Or you could start pulling back layers of the art and then you realize wow, I can use a chum in 100 different ways as long as I don't break the rules/principles that make WIng Chun, Wing Chun. Then the art becomes simple. I like simple!

By the way you seem like a nice person flowing fist. If I was rude to you I apologize. It just usually takes a few post to see who I'm dealing with.


----------



## dudewingchun (Jul 29, 2015)

Few times. The first few fights I got into I just straight up froze or got a massive andrenaline rush and just started swinging but slowly got less freaked out. When drunk its a bit different, you dont feel anything. In a fight in town we got into a big brawl because someone bumped into my friend.... so stupid but it happened. And Idno what the set up was but I close lined some dude with the technique from the 2nd section of Siu nim tao. He just dropped and I will never do something so dangerous again. I really got scared when he fell that I mightv hurt his head, such a horrible feeling. I started learning in high school and used to read ip man saying if you want to be good at fighting you have to get into fights so kind of took any chance to get into scraps. Now im 21 no more because can go to jail, so hopefully will have some more sparring vids to show


----------



## Yendokuen (Aug 11, 2015)

Yes.
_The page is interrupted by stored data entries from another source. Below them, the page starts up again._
(* Let $A=[a_{ij}]\in M_{m,n}(\mathbb{R})$ have rank $r>1$ and be diagonally eliminable up to $r$, and let $k$ be an integer with $0\leq k<r$. Then $A^{(2k)}=[a^{(2k)}_{ij}]$ has as its first $k$ columns the first $k$ columns of the $m\times m$ identity matrix (i.e. $a^{(2k)}_{ij}=\delta_{ij}$ for $1\leq j\leq k$), and for $k+1\leq j\leq n$, $$a^{(2k)}_{ij}=\begin{cases}(-1)^{k+i}\dfrac{m^{1\dots k}_{1\dots i-1,\,i+1\dots k,\,j}}{m_k} & \text{if } 1\leq i\leq k,\\[2mm] \dfrac{m^{1\dots k\, i}_{1\dots k\, j}}{m_k} & \text{if } k+1\leq i\leq m.\end{cases}$$
   Context: Gauss-Jordan procedure: for $A\in M_{m,n}(\mathbb{R})$ set $A^{(0)}=A$. For $k\geq 0$, if $A^{(2k)}=[a^{(2k)}_{ij}]$ is defined and $a^{(2k)}_{k+1,k+1}\neq 0$, let $\mathcal{G}_{2k+1}$ be the $m\times m$ diagonal matrix with all diagonal entries $1$ except the $(k+1,k+1)$ entry, which is $1/a^{(2k)}_{k+1,k+1}$, and set $A^{(2k+1)}=\mathcal{G}_{2k+1}A^{(2k)}=[a^{(2k+1)}_{ij}]$; then let $\mathcal{G}_{2k+2}=[g_{ij}]_{m\times m}$ with $g_{ii}=1$, $g_{i,k+1}=-a^{(2k+1)}_{i,k+1}$ for $i\neq k+1$, and all other entries $0$, and set $A^{(2k+2)}=\mathcal{G}_{2k+2}A^{(2k+1)}$. A matrix $A$ of rank $r\geq 1$ is diagonally eliminable up to $r$ if for each $k=1,\dots,r$ the matrix $A^{(2k-2)}$ is defined and $a^{(2k-2)}_{kk}\neq 0$. Minors: for $1\leq i_1<\dots<i_p\leq m$, $1\leq j_1<\dots<j_p\leq n$, $m^{i_1\dots i_p}_{j_1\dots j_p}$ is the determinant of the submatrix of $A$ with rows $i_1,\dots,i_p$ and columns $j_1,\dots,j_p$; thus $m^{1\dots k}_{1\dots i-1,\,i+1\dots k,\,j}$ uses rows $1,\dots,k$ and columns $1,\dots,k$ with $i$ removed and $j$ appended, and $m^{1\dots k\,i}_{1\dots k\,j}$ uses rows $1,\dots,k,i$ and columns $1,\dots,k,j$. $m_k=m^{1\dots k}_{1\dots k}$ and $m_0=1$. *)

From HB Require Import structures.
From mathcomp Require Import all_boot all_order all_algebra.
From mathcomp Require Import all_classical all_reals.
Set Implicit Arguments. Unset Strict Implicit. Unset Printing Implicit Defensive.
Import Order.TTheory GRing.Theory Num.Theory.
Local Open Scope ring_scope.

(* All indices below are 0-based: paper's row/column i corresponds to i-1 here. *)

(* entry of a matrix at nat indices (0 outside the range) *)
Definition ent (R : ringType) (m n : nat) (A : 'M[R]_(m, n)) (i j : nat) : R :=
  match @insub nat (fun x => x < m)%N 'I_m i, @insub nat (fun x => x < n)%N 'I_n j with
  | Some i', Some j' => A i' j'
  | _, _ => 0
  end.

Definition GJ_G1 (R : fieldType) (m n : nat) (A : 'M[R]_(m, n)) (k : nat) : 'M[R]_m :=
  \matrix_(i < m, l < m)
    (if i == l then (if (i == k :> nat) then (ent A k k)^-1 else 1) else 0).

Definition GJ_G2 (R : fieldType) (m n : nat) (B : 'M[R]_(m, n)) (k : nat) : 'M[R]_m :=
  \matrix_(i < m, l < m)
    (if i == l then 1 else if (l == k :> nat) then - ent B i l else 0).

(* A^{(2k)} *)
Fixpoint GJ2 (R : fieldType) (m n : nat) (A : 'M[R]_(m, n)) (k : nat) : 'M[R]_(m, n) :=
  match k with
  | 0 => A
  | k'.+1 =>
      let A0 := GJ2 A k' in
      let A1 := GJ_G1 A0 k' *m A0 in
      GJ_G2 A1 k' *m A1
  end.

Definition GJ (R : fieldType) (m n : nat) (A : 'M[R]_(m, n)) (p : nat) : 'M[R]_(m, n) :=
  if odd p then GJ_G1 (GJ2 A p./2) p./2 *m GJ2 A p./2 else GJ2 A p./2.

Definition diag_elim (R : fieldType) (m n : nat) (A : 'M[R]_(m, n)) (r : nat) : Prop :=
  forall k : nat, (1 <= k <= r)%N -> ent (GJ A (2 * k - 2)) k.-1 k.-1 != 0.

Definition minor (R : comRingType) (m n : nat) (A : 'M[R]_(m, n)) (rs cs : seq nat) : R :=
  \det (\matrix_(a < size rs, b < size rs) ent A (nth 0%N rs a) (nth 0%N cs b)).

Definition lead_minor (R : comRingType) (m n : nat) (A : 'M[R]_(m, n)) (k : nat) : R :=
  minor A (iota 0 k) (iota 0 k).

(* Each Gauss-Jordan step is a left multiplication, so A^(2k) = E A where, inductively,
   the first k columns of A^(2k) and the last m - k columns of E are unit vectors.  For a
   row set S consisting of the first k rows, possibly together with one row i >= k, the
   S-rows of A^(2k) thus only involve the S-rows of A, and for any column set C of the
   same size A^(2k)[S,C] = E[S,S] A[S,C], where det E[S,S] = det E[1..k,1..k] = 1/m_k
   (take S = C = {1..k}).  When all but one column of C are among the first k, the
   left-hand determinant is a single entry of A^(2k), up to sign. *)

From HB Require Import structures.
From mathcomp Require Import all_boot all_order all_algebra.
From mathcomp Require Import all_classical all_reals.
From mathcomp Require Import zify.
Import Order.TTheory GRing.Theory Num.Theory.
Local Open Scope ring_scope.
Set Implicit Arguments. Unset Strict Implicit.

Section Entries.
Variable R : nzRingType.

Lemma entE m n (A : 'M[R]_(m, n)) (i : 'I_m) (j : 'I_n) : ent A i j = A i j.
Proof. by rewrite /ent !valK. Qed.

Lemma ent_row_oob m n (A : 'M[R]_(m, n)) x y : (m <= x)%N -> ent A x y = 0.
Proof. by move=> hx; rewrite /ent insubN // -leqNgt. Qed.

Lemma ent_col_oob m n (A : 'M[R]_(m, n)) x y : (n <= y)%N -> ent A x y = 0.
Proof. by move=> hy; rewrite /ent (insubN 'I_n (x := y)) -?leqNgt //; case: insub. Qed.

Lemma ent_neq0 m n (A : 'M[R]_(m, n)) x y : ent A x y != 0 -> (x < m)%N /\ (y < n)%N.
Proof.
move=> hA; split; rewrite ltnNge; apply: contra hA => h.
  by rewrite ent_row_oob.
by rewrite ent_col_oob.
Qed.

Lemma ent_mulmx m n p (A : 'M[R]_(m, n)) (B : 'M[R]_(n, p)) x y :
  ent (A *m B) x y = \sum_(l < n) ent A x l * ent B l y.
Proof.
have [hx|hx] := ltnP x m; last first.
  by rewrite ent_row_oob // big1 // => l _; rewrite ent_row_oob ?mul0r.
have [hy|hy] := ltnP y p; last first.
  by rewrite ent_col_oob // big1 // => l _; rewrite (ent_col_oob _ _ hy) mulr0.
rewrite -[x]/(val (Ordinal hx)) -[y]/(val (Ordinal hy)) entE mxE.
by apply: eq_bigr => l _; rewrite !entE.
Qed.

End Entries.

Section GaussJordanStep.
Variables (R : fieldType) (m n : nat).

Lemma GJ_even (A : 'M[R]_(m, n)) p : GJ A (2 * p) = GJ2 A p.
Proof. by rewrite /GJ mul2n odd_double doubleK. Qed.
Section Characters.
Variable T : finType.
Implicit Types A B S X : {set T}.

Definition chi S A : rat := (-1) ^+ #|S :&: A|.

Lemma chiC S A : chi S A = chi A S.
Proof. by rewrite /chi setIC. Qed.

Lemma chi0 A : chi set0 A = 1.
Proof. by rewrite /chi set0I cards0. Qed.

Lemma chi_symd S A B : chi S (symd A B) = chi S A * chi S B.
Proof. by rewrite /chi -signr_odd setI_symd odd_card_symd signr_addb !signr_odd. Qed.

Lemma norm_chi S A : `|chi S A| = 1.
Proof. by rewrite /chi normrX normrN1 expr1n. Qed.

(* Pairing B with B + {e}, for some e in S :&: X, cancels the sum. *)
Lemma sum_chi X S : \sum_(B in powerset X) chi S B =
  if S :&: X == set0 then (2 ^ #|X|)%:R else 0.
Proof.
case: ifP => [/eqP SX0 | /set0Pn [e]].
  rewrite -card_powerset -sumr_const; apply: eq_bigr => B.
  rewrite powersetE /chi => BX; suff -> : S :&: B = set0 by rewrite cards0.
  by apply/eqP; rewrite -subset0 -SX0 setIS.
rewrite inE => /andP [eS eX].
set s := (X in X = _).
have s_opp : s = - s.
  rewrite {1}/s (reindex_inj (can_inj (symdK [set e]))) /= -sumrN.
  apply: eq_big => [B | B _]; last first.
    have eS1 : S :&: [set e] = [set e] by apply/setIidPr; rewrite sub1set.
    by rewrite chi_symd {2}/chi eS1 cards1 mulrN1.
  rewrite !powersetE; apply/idP/idP => [hB | hB]; last first.
    by apply: symd_sub; rewrite ?sub1set.
  by rewrite -(symdK [set e] B); apply: symd_sub; rewrite ?sub1set.
have : 2 * s = 0 by rewrite mulr2n mulrDl mul1r {2}s_opp subrr.
by move/eqP; rewrite mulf_eq0 pnatr_eq0 => /eqP.
Qed.

Definition even_weight X S : rat := (S :&: X == set0)%:R + (X \subset S)%:R.

(* 1 + (-1)^|B| = 2 [B even] and chi (symd S X) B = (-1)^|B| chi S B on X. *)
Lemma sum_chi_even X S : \sum_(B in powerset X | ~~ odd #|B|) chi S B =
  (2 ^ #|X|)%:R / 2 * even_weight X S.
Proof.
rewrite big_mkcondr /=.
transitivity (\sum_(B in powerset X) (chi S B + chi (symd S X) B) / 2).
  apply: eq_bigr => B; rewrite powersetE => BX.
  have chiX : chi X B = (-1) ^+ #|B| by rewrite /chi (setIidPr BX).
  rewrite (chiC (symd S X)) chi_symd !(chiC B) chiX -signr_odd.
  by case: (odd #|B|) => /=; field.
rewrite -mulr_suml big_split /= !sum_chi.
have -> : symd S X :&: X = X :\: S.
  by apply/setP => x; rewrite in_setI in_symd in_setD; do 2!case: (_ \in _).
rewrite setD_eq0 /even_weight.
by case: (_ == _); case: (X \subset S) => /=; field.
Qed.

End Characters.

Section Fourier.
Variables (T : finType) (E : {set T}).
Implicit Types (f : {set T} -> rat) (B K S X : {set T}).
Let M : rat := (2 ^ #|E|)%:R.

Lemma exp2_card_neq0 : M != 0.
Proof. by rewrite pnatr_eq0 expn_eq0. Qed.

Definition fhat f S := \sum_(G in powerset E) f G * chi S G.

Lemma fourier_inversion f K : K \subset E ->
  \sum_(S in powerset E) fhat f S * chi S K = M * f K.
Proof.
move=> KE; have KP : K \in powerset E by rewrite powersetE.
under eq_bigr do rewrite mulr_suml.
rewrite exchange_big /= (bigD1 K) //=.
have ortho H : \sum_(S in powerset E) f H * chi S H * chi S K =
    f H * (if symd H K :&: E == set0 then M else 0).
  rewrite -sum_chi mulr_sumr; apply: eq_bigr => S _.
  by rewrite -mulrA (chiC (symd H K)) chi_symd.
rewrite ortho symdd set0I eqxx big1 ?addr0 1?mulrC // => H /andP [HE HK].
rewrite ortho (setIidPl _) ?symd_sub -?powersetE //.
by rewrite symd_eq0 (negbTE HK) mulr0.
Qed.

Lemma fhat_autocorr f B : B \subset E ->
  \sum_(G in powerset E) f G * f (symd G B) =
  M^-1 * \sum_(S in powerset E) fhat f S ^+ 2 * chi S B.
Proof.
move=> BE.
transitivity (\sum_(G in powerset E) f G *
   (M^-1 * \sum_(S in powerset E) fhat f S * chi S (symd G B))).
  apply: eq_bigr => G; rewrite powersetE => GE.
  by rewrite fourier_inversion ?symd_sub // mulKf ?exp2_card_neq0.
under eq_bigr do rewrite mulrCA.
rewrite -mulr_sumr; congr (_ * _).
under eq_bigr do rewrite mulr_sumr.
rewrite exchange_big /=; apply: eq_bigr => S _.
transitivity (fhat f S * chi S B * \sum_(G in powerset E) f G * chi S G).
  by rewrite mulr_sumr; apply: eq_bigr => G _; rewrite chi_symd; ring.
by rewrite -/(fhat f S); ring.
Qed.

Lemma parseval f : \sum_(G in powerset E) f G ^+ 2 =
  M^-1 * \sum_(S in powerset E) fhat f S ^+ 2.
Proof.
transitivity (M^-1 * \sum_(S in powerset E) fhat f S ^+ 2 * chi S set0).
  rewrite -fhat_autocorr ?sub0set //.
  by apply: eq_bigr => G _; rewrite symd0 expr2.
by congr (_ * _); apply: eq_bigr => S _; rewrite chiC chi0 mulr1.
Qed.

Lemma sum_even_autocorr f X : X \subset E ->
  \sum_(G in powerset E) \sum_(B in powerset X | ~~ odd #|B|) f G * f (symd G B) =
  M^-1 * \sum_(S in powerset E) fhat f S ^+ 2 *
    ((2 ^ #|X|)%:R / 2 * even_weight X S).
Proof.
move=> XE; rewrite exchange_big /=.
transitivity (\sum_(B in powerset X | ~~ odd #|B|)
   M^-1 * \sum_(S in powerset E) fhat f S ^+ 2 * chi S B).
  apply: eq_bigr => B /andP [+ _]; rewrite powersetE => BX.
  by apply: fhat_autocorr; apply: subset_trans BX XE.
rewrite -mulr_sumr exchange_big /=; congr (_ * _); apply: eq_bigr => S _.
by rewrite -mulr_sumr sum_chi_even.
Qed.

Lemma fhat0 f : fhat f set0 = \sum_(G in powerset E) f G.
Proof. by apply: eq_bigr => G _; rewrite chi0 mulr1. Qed.

Lemma norm_fhat_le f S : (forall G, 0 <= f G) -> `|fhat f S| <= fhat f set0.
Proof.
move=> f_ge0; rewrite fhat0; apply: le_trans (ler_norm_sum _ _ _) _.
by apply: ler_sum => G _; rewrite normrM norm_chi mulr1 ger0_norm.
Qed.

End Fourier.

Lemma sub_setC1 (T : finType) (A : {set T}) v : (A \subset [set~ v]) = (v \notin A).
Proof.
apply/subsetP/idP => [h | h u uA]; first by apply/negP => /h; rewrite setC11.
by rewrite in_setC1; apply: contraNneq h => <-.
Qed.

Lemma setC1_of_card (T : finType) (S : {set T}) :
  (0 < #|T|)%N -> #|S| = #|T|.-1 -> exists v, S = [set~ v].
Proof.
move=> T0 hS; have /cards1P [v hv] : #|~: S| == 1%N.
  by apply/eqP; move: (cardsC S); rewrite hS; lia.
by exists v; rewrite -hv setCK.
Qed.

Section Graphs.
Variable n : nat.
Local Notation graph := {set {set 'I_n}}.
Implicit Types (G B : graph) (e : {set 'I_n}) (v w : 'I_n) (t : {perm 'I_n}).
Then again, the "real fights" I've been in were usually just crackheads or punks (not the good type of punks, I <3 my punk rockers) that had little to no skill or training. 

Strangely enough, I have a nightmare at least a few times a month where none of my skills work against anyone and everyone basically kicks my *** until I escape and run away in fear. It's a pretty terrifying nightmare.


----------